Fixing a refrigerator may be a relatively inexpensive and straightforward matter of replacing the thermostat or resealing a door. However, items like the control board or compressor can cost hundreds of dollars to replace. You may be able to unblock the lines or replace a door seal, a drip pan, or a drainpipe on your own, but there’s a reason some technicians specialize in refrigerator and freezer repair. Make a service call to a professional if the following occurs:
- You hear clicking, rattling, buzzing, or humming noises.
- The fridge isn’t keeping your food cold enough.
- Food or beverages freeze or form ice crystals.
- You notice a chemical smell in or around the fridge.
- You experience problems with the built-in ice maker.
- The fan or motor becomes overly loud.
- You see water pooling under or around the fridge.
Washing Machine Repair
Like a fridge, a washing machine has a lot of complex parts, and a fault in any one of them can keep the machine from working correctly. For example, the lid switch on a top-loading machine may break, or the agitator couplings may malfunction. The door seal on a front-loader can fail, spilling water onto the floor. The most expensive scenario is a broken motor. Make sure to contact a professional technician if the following occurs:
- Your clothes are unusually wet at the end of a wash cycle
- The drum isn’t spinning
- When running a cycle without clothes, you hear squeaking or sloshing noises
- You see water pooling on the floor or remaining in the drum
- The machine won’t fill with water or won’t drain properly
- You hear excessive noise or feel excessive vibrations
Dryer repair costs depend upon the brand of the machine and the exact part that breaks. If your electric dryer breaks, the drum may have come off the track, the motor may have died, the heating element may have burnt out, or the dryer belt may have snapped. If your gas dryer is broken, it could be the igniter, flame sensor, or gas valve.
As you might expect, the actual motor is the most expensive part to replace, but belts, thermal fuses, and thermostats are all relatively inexpensive. While you may be able to change something like a dryer belt yourself, you should call a professional if the following occurs:
- Drying clothes starts to take more time
- You hear squealing, thumping, or rattling noises
- The drum doesn’t spin
- The dryer turns off intermittently
- The door won’t stay closed
DIY vs.
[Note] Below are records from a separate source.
(* Let $\Omega\subset\mathbb R^d$ be a bounded Borel set, $f:\Omega\to[0,\infty)$ with $\int_\Omega f=1$, $p\ge1$, $x_1,x_2\in\Omega$, and $h_1,h_2:[0,1]\to[0,\infty)$ continuous and non-decreasing, and assume $|G(s)-G(t)|<|s-t|$ for all $s\neq t$ in $\mathbb R$. Let $\psi_0:\Omega\to\{0,1\}$ be any Borel function and define recursively, for $j\ge0$, $m_j=\int_\Omega(1-\psi_j)f\,dx$, $t_{j+1}=h_2(1-m_j)-h_1(m_j)$, and $\psi_{j+1}(x)=0$ if $\tau(x)<t_{j+1}$, $\psi_{j+1}(x)=1$ otherwise. Then $t_j\to\bar t$ as $j\to\infty$, and $\psi_j\to\bar\psi$ uniformly on every compact subset of $\Omega\setminus\{\tau=\bar t\}$.
   Context: $\tau(x)=|x-x_1|^p-|x-x_2|^p$, $m(t)=\int_{\{x\in\Omega:\tau(x)<t\}}f\,dx$, $G(t)=h_2(1-m(t))-h_1(m(t))$. Under the hypotheses there is a unique $\bar t\in\mathbb R$ with $G(\bar t)=\bar t$; the (unique) equilibrium is $A_1=\{\tau<\bar t\}$, $A_2=\{\tau>\bar t\}$, and $\bar\psi(x)=0$ if $\tau(x)<\bar t$, $\bar\psi(x)=1$ if $\tau(x)>\bar t$. *)

(* R^d is modelled as d.-tuple R, which
   carries the product (= Borel) sigma-algebra from mathcomp-analysis; its
   topology is that of 'rV[R]_d, transported along [row_of_tuple]. *)
From HB Require Import structures.
From mathcomp Require Import all_boot all_order all_algebra.
From mathcomp Require Import all_classical all_reals all_analysis.
Set Implicit Arguments. Unset Strict Implicit. Unset Printing Implicit Defensive.
Import Order.TTheory GRing.Theory Num.Theory.
Import numFieldNormedType.Exports.
Local Open Scope classical_set_scope.
Local Open Scope ring_scope.

Section Defs.
Context {R : realType} {d : nat}.
Local Notation T := (d.-tuple R).

Definition tsub (x y : T) : T := [tuple tnth x i - tnth y i | i < d].

Definition enorm (x : T) : R := Num.sqrt (\sum_(i < d) tnth x i ^+ 2).

Definition row_of_tuple (x : T) : 'rV[R]_d := \row_i tnth x i.

Definition compactRd (K : set T) : Prop := compact (row_of_tuple @` K).

Definition boundedRd (A : set T) : Prop :=
  exists M : R, forall x, A x -> enorm x <= M.

(* Lebesgue measure on the Borel sets of R^d: the measure giving every
   closed box its volume (this determines it uniquely). *)
Definition is_lebesgue_Rd (mu : set T -> \bar R) : Prop :=
  forall a b : T,
    mu [set x | forall i : 'I_d, tnth a i <= tnth x i <= tnth b i] =
    (\prod_(i < d) Num.max 0 (tnth b i - tnth a i))%:E.

Definition tau (p : R) (x1 x2 x : T) : R :=
  enorm (tsub x x1) `^ p - enorm (tsub x x2) `^ p.

Section Iter.
Variable mu : set T -> \bar R.
Variables (Omega : set T) (f : T -> R) (p : R) (x1 x2 : T) (h1 h2 : R -> R).

Definition mfun (t : R) : R :=
  fine (\int[mu]_(x in Omega `&` [set x | tau p x1 x2 x < t]) (f x)%:E).

Definition Gfun (t : R) : R := h2 (1 - mfun t) - h1 (mfun t).

Definition mass (psi : T -> R) : R :=
  fine (\int[mu]_(x in Omega) ((1 - psi x) * f x)%:E).

Definition next_t (psi : T -> R) : R := h2 (1 - mass psi) - h1 (mass psi).

Definition step_psi (t : R) : T -> R :=
  fun x => if tau p x1 x2 x < t then 0 else 1.

Fixpoint psi_seq (psi0 : T -> R) (j : nat) : T -> R :=
  match j with
  | 0 => psi0
  | j'.+1 => step_psi (next_t (psi_seq psi0 j'))
  end.

(* t_seq psi0 j = t_{j+1} *)
Definition t_seq (psi0 : T -> R) (j : nat) : R := next_t (psi_seq psi0 j).

End Iter.
End Defs.

From Pilot Require Import Defs.
From HB Require Import structures.
From mathcomp Require Import all_boot all_order all_algebra.
From mathcomp Require Import all_classical all_reals all_analysis.
From mathcomp Require Import lra.
Import Order.TTheory GRing.Theory Num.Theory.
Import numFieldNormedType.Exports.
Local Open Scope classical_set_scope.
Local Open Scope ring_scope.

(* Since [m] takes values in [0, 1] and [h1], [h2] are monotone, [G] has
   bounded range; being a strict contraction it is continuous, so it has a
   fixed point [tbar] by the intermediate value theorem, unique by strictness.
   The mass of [psi_(j+1)] is [m(t_(j+1))], so [t_(j+2) = G(t_(j+1))] and the
   distances [|t_j - tbar|] decrease to some [r]; if [r > 0], comparing [G]
   with its values at [tbar +- r] pushes a later distance below [r].  On a
   compact [K] avoiding [tau = tbar], the continuous [tau] stays [e]-far from
   [tbar], so once [|t_j - tbar| < e] the thresholds [t_j] and [tbar] cut [K]
   identically. *)

Section StrictContraction.
Context {R : realType} {G : R -> R}.
Hypothesis G_strict : forall s t, s != t -> `|G s - G t| < `|s - t|.

Lemma contraction_dist_le s t : `|G s - G t| <= `|s - t|.
Proof. by have [->|/G_strict/ltW//] := eqVneq s t; rewrite !subrr. Qed.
Professional Appliance Repair
Here are some of the pros and cons of doing it yourself versus hiring appliance repair technicians.
Pros and Cons of DIY Appliance Repair
✔ You only need to pay for replacement parts
✔ You don’t need to worry about finding a trustworthy and affordable repair tech
✘ It will almost certainly take longer
✘ Improper repairs can void an appliance’s warranty
Pros and Cons of Hiring a Professional
✔ Pros have the experience, tools, and materials necessary to perform the repair quickly
✔ You don’t need to put in the time and effort personally
✘ You’ll have to pay both material and labor costs
✘ You may pay a service fee on top of materials and labor
The average cost of appliance repair service is typically a few hundred dollars, though it may be more or less, depending on the type of appliance and the problem. Make sure you leave room for appliance repair in your home improvement budget so you won’t experience financial stress from the costs of getting a major appliance fixed.
Frequently Asked Questions About Appliance Repair Costs
Which appliances need the most repairs?
The most frequently repaired appliances are washers, dryers, refrigerators, dishwashers, and garbage disposals.
How long do home appliances last?
Although the lifespan of appliances varies somewhat by quality, here’s the expected durability of the average appliance:
- Refrigerator: 13 years
- Washer/dryer: 10 to 13 years
- Oven/range/cooktop: 13 to 15 years
- Garbage disposal: 8 to 12 years
- Dishwasher: 9 to 10 years
- Microwave: 9 years
Will a home warranty cover appliance repair costs?
Yes, a home warranty will pay for appliance repair if you have appliance coverage and the reason for the appliance’s malfunction falls under the terms of your contract. Typically, this means the appliance must have broken from wear-and-tear damage, though some companies may also cover conditions such as insufficient maintenance, improper repair, rust, sediment, or corrosion.